MFreiberger schrieb:


> Wurzel3 ==> ~1,73
> U ==> Außenleiterspannung
> P ==> Wirkleistung
> I ==> Außenleiterstrom
> ...


Vielen Dank!

Es sind dann aber 2000W und nicht 20 000W.
Bei 2000W wären es dann 2,89A die da rauskommen.

Fließen dann diese 2,89A pro Phase ?
L1 = 2,89A
L2 = 2,89A
L3 = 2,89A

VG SPS_15


----------



## MFreiberger (12 August 2022)

Frohnius schrieb:


> Alles richtig... Aber es sind 2.89A... Vertippt 😉


ja-ha...


SPS_15 schrieb:


> Es sind dann aber 2000W und nicht 20 000W.
> Bei 2000W wären es dann 2,89A die da rauskommen.


ja doch!

Dreht das Messer ruhig nochmal um 😫


----------



## MFreiberger (12 August 2022)

SPS_15 schrieb:


> Fließen dann diese 2,89A pro Phase ?
> L1 = 2,89A
> L2 = 2,89A
> L3 = 2,89A


ja


----------



## s_kraut (12 August 2022)

MFreiberger schrieb:


> Wurzel3 ==> ~1,73
> U ==> Außenleiterspannung
> P ==> Wirkleistung
> I ==> Außenleiterstrom
> ...


Hab mich schon gewundert - sieht richtig aus, aber 30A für 2kW.
Klassiker


----------



## thomass5 (12 August 2022)

Fließen dann diese 2,89A pro Phase ?
L1 = 2,89A
L2 = 2,89A
L3 = 2,89A




Wenn du im Schrank eine gleichmäßige Lastaufteilung hast schon.. Ansonsten auf einer mehr auf der anderen weniger je nach Lastverteilung.


----------



## Matze001 (12 August 2022)

SPS_15 schrieb:


> Vielen Dank!
> 
> Es sind dann aber 2000W und nicht 20 000W.
> Bei 2000W wären es dann 2,89A die da rauskommen.
> ...


Rechne dir doch mal die Leistung per Außenleiter mit 230V aus und schau ob das realistisch ist.

Grüße

Marcel


----------



## Elektriko (12 August 2022)

SPS_15 schrieb:


> Fließen dann diese 2,89A pro Phase ?
> L1 = 2,89A
> L2 = 2,89A
> L3 = 2,89A
> ...


ja, genau


----------



## SPS_15 (12 August 2022)

MFreiberger schrieb:


> ja



Meiner Meinung nach, kann der jeweilige Außenleiter dann mit einem LS Schalter von 4 A abgesichert werden.
Ich habe gesehen, dass momentan vier 10A LS Schalter benutzt werden..


----------



## Plan_B (12 August 2022)

Kann.
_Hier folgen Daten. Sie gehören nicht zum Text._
(* Let $T$ be a tree. The faces of $\Delta_T$ having distributable capacity form a subcomplex of $\Delta_T$. Moreover, if $T'$ is a tree with vertex capacities having distributable capacity and $C$ is the vertex obtained by merging two neighboring vertices $C_1,C_2$ of $T'$ (with capacity $\mathrm{cap}(C_1)+\mathrm{cap}(C_2)$), then $\mathrm{cap}(C)\ge\deg(C)$.
   Context: For a tree $T$ on vertex set $[n]$, the Coxeter-like complex $\Delta_T$ has as faces: a set $E^C(F)$ of edges of $T$ to delete together with an assignment to each component $C$ of the resulting forest of exactly $|C|$ labels from $[n]$, each label used exactly once; $\sigma\subseteq\tau$ iff $\sigma$ is obtained from $\tau$ by merging neighboring components. For a tree with vertex capacities and an edge subset $E$, the associated tree has as vertices the components of the forest obtained by deleting $E$, as edges the edges of $E$, and capacity of a component equal to the sum of its vertex capacities. A tree with capacities has distributable capacity if $\mathrm{cap}(v)\ge\deg(v)-1$ for every vertex $v$. A face $F$ of $\Delta_T$ has distributable capacity if the tree associated to $(T,E^C(F))$, with all vertices of $T$ having capacity $1$, has distributable capacity. *)

From mathcomp Require Import all_boot.
Set Implicit Arguments. Unset Strict Implicit. Unset Printing Implicit Defensive.

Section Trees.
Variable V : finType.

(* A graph on V is given by its edge set; each edge is a 2-element set. *)
Definition adj (Ed : {set {set V}}) : rel V := fun x y => [set x; y] \in Ed.

Definition is_tree (Ed : {set {set V}}) : Prop :=
  [/\ forall e, e \in Ed -> #|e| = 2,
      forall x y : V, connect (adj Ed) x y
    & (#|Ed|).+1 = #|V| ].

Definition deg (Ed : {set {set V}}) (v : V) : nat := #|[set e in Ed | v \in e]|.

Definition tree_distributable (Ed : {set {set V}}) (cap : V -> nat) : Prop :=
  forall v : V, deg Ed v - 1 <= cap v.

(* Associated tree of (T, E): vertices = components of T after deleting E,
   edges = E, capacity of a component = sum of vertex capacities. *)
Definition fcomp (Ed E : {set {set V}}) (x : V) : {set V} :=
  [set y | connect (adj (Ed :\: E)) x y].

Definition components (Ed E : {set {set V}}) : {set {set V}} :=
  [set fcomp Ed E x | x : V].

Definition assoc_cap (cap : V -> nat) (C : {set V}) : nat := \sum_(v in C) cap v.

Definition assoc_deg (E : {set {set V}}) (C : {set V}) : nat :=
  #|[set e in E | e :&: C != set0]|.

Definition assoc_distributable (Ed E : {set {set V}}) (cap : V -> nat) : Prop :=
  forall C, C \in components Ed E -> assoc_deg E C - 1 <= assoc_cap cap C.

End Trees.

(* Faces of the Coxeter-like complex Delta_T, T a tree on [n] = 'I_n.
   fE = E^C(F), the set of deleted edges; fL assigns a label set to each
   component of the resulting forest. *)
Record face (n : nat) := Face {
  fE : {set {set 'I_n}};
  fL : {set 'I_n} -> {set 'I_n} }.

Definition is_face n (T : {set {set 'I_n}}) (F : face n) : Prop :=
  [/\ fE F \subset T,
      forall C, C \in components T (fE F) -> #|fL F C| = #|C|,
      forall C C', C \in components T (fE F) -> C' \in components T (fE F) ->
        C != C' -> [disjoint fL F C & fL F C']
    & \bigcup_(C in components T (fE F)) fL F C = setT ].

(* sigma <= tau: sigma is obtained from tau by merging neighboring components
   (fewer deleted edges; labels of a merged component = union of labels). *)
Definition face_le n (T : {set {set 'I_n}}) (s t : face n) : Prop :=
  fE s \subset fE t /\
  forall C, C \in components T (fE s) ->
    fL s C = \bigcup_(C' in components T (fE t) | C' \subset C) fL t C'.

Definition face_distributable n (T : {set {set 'I_n}}) (F : face n) : Prop :=
  assoc_distributable T (fE F) (fun _ => 1%N).

From mathcomp Require Import all_boot.
Set Implicit Arguments. Unset Strict Implicit. Unset Printing Implicit Defensive.

(* Putting a deleted edge e = {a, b} back merges the components Ca and Cb of
   a and b and leaves every other component unchanged (its degree can only
   drop).  As e is counted in the degrees of both Ca and Cb, the merged
   component has degree at most (deg Ca - 1) + (deg Cb - 1) <= cap Ca + cap Cb.
   Restoring the edges of E^C(tau) minus E^C(sigma) one at a time thus preserves
   distributability; only the fact that edges are 2-sets is used.  The bound
   cap C >= deg C is the same count for a single merged edge {C1, C2}. *)

Section Components.
Variable V : finType.
Implicit Types (G E Ed : {set {set V}}) (A B C : {set V}) (a b u w x y : V).

Lemma adj_sym G : symmetric (adj G).
Proof. by move=> x y; rewrite /adj setUC. Qed.

Lemma adj_connect_sym G : connect_sym (adj G).
Proof. exact/sym_connect_sym/adj_sym. Qed.

Definition ccomp G x : {set V} := [set y | connect (adj G) x y].

Lemma fcompE Ed E x : fcomp Ed E x = ccomp (Ed :\: E) x.
Proof. by []. Qed.

Lemma ccomp_refl G x : x \in ccomp G x.
Proof. by rewrite inE connect0. Qed.

Lemma ccomp_adj G x u w : adj G u w -> u \in ccomp G x -> w \in ccomp G x.
Proof. by rewrite !inE => uw xu; apply: connect_trans xu (connect1 uw). Qed.

Lemma ccomp_sub_closed G A x :
  (forall u w, adj G u w -> u \in A -> w \in A) -> x \in A -> ccomp G x \subset A.
Proof.
move=> clA xA; apply/subsetP=> y; rewrite inE.
by move/(closed_connect (intro_closed (adj_connect_sym G) clA)) <-.
Qed.

Lemma ccomp_eq G x y : y \in ccomp G x -> ccomp G y = ccomp G x.
Proof.
rewrite inE => xy; apply/setP=> z; rewrite !inE.
by rewrite (same_connect (adj_connect_sym G) xy).
Qed.

Lemma ccomp_disjoint G x y :
  ccomp G x != ccomp G y -> [disjoint ccomp G x & ccomp G y].
Proof.
apply: contraR => /pred0Pn [z /andP [xz yz]].
by rewrite -(ccomp_eq xz) -(ccomp_eq yz).
Qed.

Lemma ccomp_subset G G' x : G \subset G' -> ccomp G x \subset ccomp G' x.
Proof.
move=> sGG'; apply/subsetP=> y; rewrite !inE; apply: connect_sub => u w uw.
by apply/connect1; rewrite /adj (subsetP sGG').
Qed.

Lemma ccomp_set0 x : ccomp set0 x = [set x].
Proof.
apply/eqP; rewrite eqEsubset sub1set ccomp_refl andbT.
by apply: ccomp_sub_closed (set11 x) => u w; rewrite /adj in_set0.
Qed.

Section AddEdge.
Variables (G : {set {set V}}) (a b : V).
Let G' := [set a; b] |: G.

Lemma ccomp_setU1_sub x : ccomp G' x \subset ccomp G x :|: (ccomp G a :|: ccomp G b).
Proof.
apply: ccomp_sub_closed; last by rewrite inE ccomp_refl.
move=> u w; rewrite /adj in_setU1 => /orP [/eqP uw_ab | uw] uS.
  have : w \in [set a; b] by rewrite -uw_ab !inE eqxx orbT.
  by rewrite !inE => /orP [] /eqP ->; rewrite connect0 ?orbT.
by move: uS; rewrite !in_setU => /or3P [] /(ccomp_adj uw) ->; rewrite ?orbT.
Qed.

Lemma ccomp_setU1 : ccomp G' a = ccomp G a :|: ccomp G b.
Proof.
have := ccomp_setU1_sub a; rewrite setUA setUid => sub_ab.
apply/eqP; rewrite eqEsubset sub_ab.
have sGG' : G \subset G' by exact: subsetUr.
have b_a : b \in ccomp G' a.
  by apply: ccomp_adj (ccomp_refl _ _); rewrite /adj setU11.
by rewrite subUset ccomp_subset // -(ccomp_eq b_a) ccomp_subset.
Qed.

Lemma ccomp_setU1_notin x : a \notin ccomp G' x -> ccomp G' x = ccomp G x.
Proof.
move=> aNx; apply/eqP.
rewrite eqEsubset [_ \subset ccomp G' x]ccomp_subset ?subsetUr // andbT.
apply/subsetP=> y xy; move/subsetP/(_ y xy): (ccomp_setU1_sub x).
rewrite in_setU -ccomp_setU1 => /orP [// | ay].
by rewrite -(ccomp_eq xy) (ccomp_eq ay) ccomp_refl in aNx.
Qed.

End AddEdge.

Lemma setD_setD1 Ed E e : e \in Ed -> e \in E -> Ed :\: (E :\ e) = e |: (Ed :\: E).
Proof.
move=> eEd eE; apply/setP=> f; rewrite !inE.
by case: eqP => [-> | _]; rewrite ?eEd ?eE.
Qed.

Lemma assoc_deg_subset E E' C : E \subset E' -> assoc_deg E C <= assoc_deg E' C.
Proof.
move=> sEE'; apply/subset_leq_card/subsetP=> f; rewrite !inE.
by case/andP=> /(subsetP sEE') -> ->.
Qed.

Lemma assoc_deg_setU E A B : assoc_deg E (A :|: B) <= assoc_deg E A + assoc_deg E B.
Proof.
apply: leq_trans (leq_card_setU _ _); apply/subset_leq_card/subsetP=> f.
rewrite !inE setIUr -andb_orr; case: (f \in E) => //=.
by rewrite -negb_and; apply: contra => /andP [/eqP -> /eqP ->]; rewrite setU0.
Qed.

Lemma assoc_deg_setD1 E C e :
  e \in E -> e :&: C != set0 -> assoc_deg E C = (assoc_deg (E :\ e) C).+1.
Proof.
move=> eE eC; rewrite /assoc_deg (cardsD1 e) inE eE eC add1n.
by congr _.+1; apply: eq_card => f; rewrite !inE andbA.
Qed.

Lemma assoc_deg_set1 E v : assoc_deg E [set v] = deg E v.
Proof.
rewrite /assoc_deg /deg; apply: eq_card => f; rewrite !inE; congr (_ && _).
by apply/set0Pn/idP => [[z] | vf]; [rewrite !inE => /andP [? /eqP <-] | exists v];
  rewrite // !inE vf eqxx.
Qed.

Lemma assoc_cap_setU (cap : V -> nat) A B :
  [disjoint A & B] -> assoc_cap cap (A :|: B) = assoc_cap cap A + assoc_cap cap B.
Proof.
by move=> dAB; rewrite /assoc_cap -bigU //; apply: eq_bigl => v; rewrite !inE.
Qed.

Lemma assoc_cap_set1 (cap : V -> nat) v : assoc_cap cap [set v] = cap v.
Proof. exact: big_set1. Qed.

Section Distributable.
Variables (Ed : {set {set V}}) (cap : V -> nat).
Hypothesis edge2 : forall e, e \in Ed -> #|e| = 2.

Lemma fcomp_in_components E x : fcomp Ed E x \in components Ed E.
Proof. by apply/imsetP; exists x. Qed.

Lemma assoc_distributable_setD1 E e :
  E \subset Ed -> e \in E ->
  assoc_distributable Ed E cap -> assoc_distributable Ed (E :\ e) cap.
Proof.
move=> sEEd eE distE _ /imsetP [x _ ->].
have eEd := subsetP sEEd e eE.
have /cards2P [a [b [_ def_e]]] : #|e| == 2 by rewrite edge2.
subst e; rewrite fcompE setD_setD1 //.
set G := Ed :\: E; set D := ccomp _ x.
have distE' z : z \in [set a; b] ->
    assoc_deg (E :\ [set a; b]) (ccomp G z) <= assoc_cap cap (ccomp G z).
  move=> ze; have := distE _ (fcomp_in_components E z).
  rewrite fcompE (assoc_deg_setD1 eE) ?subn1 //.
  by apply/set0Pn; exists z; rewrite inE ze ccomp_refl.
have [ae be] : a \in [set a; b] /\ b \in [set a; b] by rewrite !inE !eqxx orbT.
case: (boolP (a \in D)) => [aD | aND].
- rewrite /D -(ccomp_eq aD) ccomp_setU1; apply: leq_trans (leq_subr 1 _) _.
  have [<- | neq_ab] := eqVneq (ccomp G a) (ccomp G b).
    by rewrite setUid; apply: distE'.
  rewrite assoc_cap_setU ?ccomp_disjoint //.
  exact: leq_trans (assoc_deg_setU _ _ _) (leq_add (distE' a ae) (distE' b be)).
- rewrite /D ccomp_setU1_notin //; apply: leq_trans (distE _ (fcomp_in_components E x)).
  exact/leq_sub2r/assoc_deg_subset/subD1set.
Qed.

Lemma assoc_distributable_subset E1 E2 :
  E1 \subset E2 -> E2 \subset Ed ->
  assoc_distributable Ed E2 cap -> assoc_distributable Ed E1 cap.
Proof.
move=> sE12; move def_n : #|E2 :\: E1| => n.
elim: n E2 def_n sE12 => [|n IH] E2 def_n sE12 sE2Ed distE2.
  move/eqP: def_n; rewrite cards_eq0 setD_eq0 => sE21.
  by have -> : E1 = E2 by apply/eqP; rewrite eqEsubset sE12.
have /set0Pn [e] : E2 :\: E1 != set0 by rewrite -card_gt0 def_n.
rewrite inE => /andP [eNE1 eE2].
apply: (IH (E2 :\ e)).
- move: def_n; rewrite (cardsD1 e) inE eNE1 eE2 add1n => -[<-].
  by rewrite setDDl setUC -setDDl.
- apply/subsetP=> f fE1; rewrite in_setD1 (subsetP sE12) // andbT.
  by apply: contraNneq eNE1 => <-.
- exact: subset_trans (subD1set _ _) sE2Ed.
- exact: assoc_distributable_setD1.
Qed.

Lemma fcomp_edge a b : [set a; b] \in Ed -> fcomp Ed (Ed :\ [set a; b]) a = [set a; b].
Proof.
move=> abEd; rewrite fcompE setDDr setDv set0U (setIidPr _) ?sub1set //.
by rewrite -[[set _]]setU0 ccomp_setU1 !ccomp_set0.
Qed.

Lemma assoc_deg_edge_setD1 e v :
  e \in Ed -> v \in e -> deg Ed v = (assoc_deg (Ed :\ e) [set v]).+1.
Proof.
move=> eEd ve; rewrite -assoc_deg_set1 (assoc_deg_setD1 eEd) //.
by apply/set0Pn; exists v; rewrite !inE ve eqxx.
Qed.

Lemma merge_edge_cap a b :
  tree_distributable Ed cap -> [set a; b] \in Ed ->
  assoc_deg (Ed :\ [set a; b]) [set a; b] <= assoc_cap cap [set a; b].
Proof.
move=> distT abEd.
have neq_ab : a != b by have := edge2 abEd; rewrite cards2; case: (a != b).
have degE := assoc_deg_edge_setD1 abEd.
apply: leq_trans (assoc_deg_setU _ _ _) _.
rewrite assoc_cap_setU ?disjoints1 ?inE // !assoc_cap_set1.
by apply: leq_add; [have := distT a | have := distT b];
  rewrite degE ?inE ?eqxx ?orbT // subn1.
Qed.

End Distributable.

End Components.

Theorem mainTheorem6 :
  (forall (n : nat) (T : {set {set 'I_n}}), is_tree T ->
     forall s t : face n, is_face T s -> is_face T t -> face_le T s t ->
       face_distributable T t -> face_distributable T s)
  /\
  (forall (V : finType) (Ed : {set {set V}}) (cap : V -> nat) (C1 C2 : V),
     is_tree Ed -> tree_distributable Ed cap -> [set C1; C2] \in Ed ->
     let E' := Ed :\ [set C1; C2] in
     let C := fcomp Ed E' C1 in
     assoc_deg E' C <= assoc_cap cap C).
Proof.
split.
- move=> n T [edge2 _ _] s t _ [sET _ _ _] [sEst _].
  exact: assoc_distributable_subset.
- move=> V Ed cap C1 C2 [edge2 _ _] distT C12Ed /=.
  by rewrite fcomp_edge //; apply: merge_edge_cap.
Qed.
Muss aber nicht.


----------



## MFreiberger (12 August 2022)

SPS_15 schrieb:


> Meiner Meinung nach, kann der jeweilige Außenleiter dann mit einem LS Schalter von 4 A abgesichert werden.
> Ich habe gesehen, dass momentan vier 10A LS Schalter benutzt werden..


Wie schon in einem anderen Thread geschrieben:
der LS-Schalter ist ein Leitungsschutzschalter und damit für den *Leitungs*schutz vorgesehen.

Wenn die Leitungen <1,5mm² sind, muss man rechnen (gibt das Tabellenbuch nicht her).
Allerdings wird man davon wahrscheinlich nichts haben. Ggf. sind 4A-LS teurer, als 10A-LS...

Für den *Anlagen*schutz kann es aber sinnvoll sein, die Stromgrenze, bis abgeschaltet wird, genauer einzustellen.
Dafür kann man z.B. gut einen Motorschutzschalter verwenden. Da ist die Stromgrenze (Abschaltgrenze) in einem gewissen Bereich *einstellbar*.

VG

MFreiberger


----------



## Elektriko (12 August 2022)

SPS_15 schrieb:


> Meiner Meinung nach, kann der jeweilige Außenleiter dann mit einem LS Schalter von 4 A abgesichert werden.
> Ich habe gesehen, dass momentan vier 10A LS Schalter benutzt werden..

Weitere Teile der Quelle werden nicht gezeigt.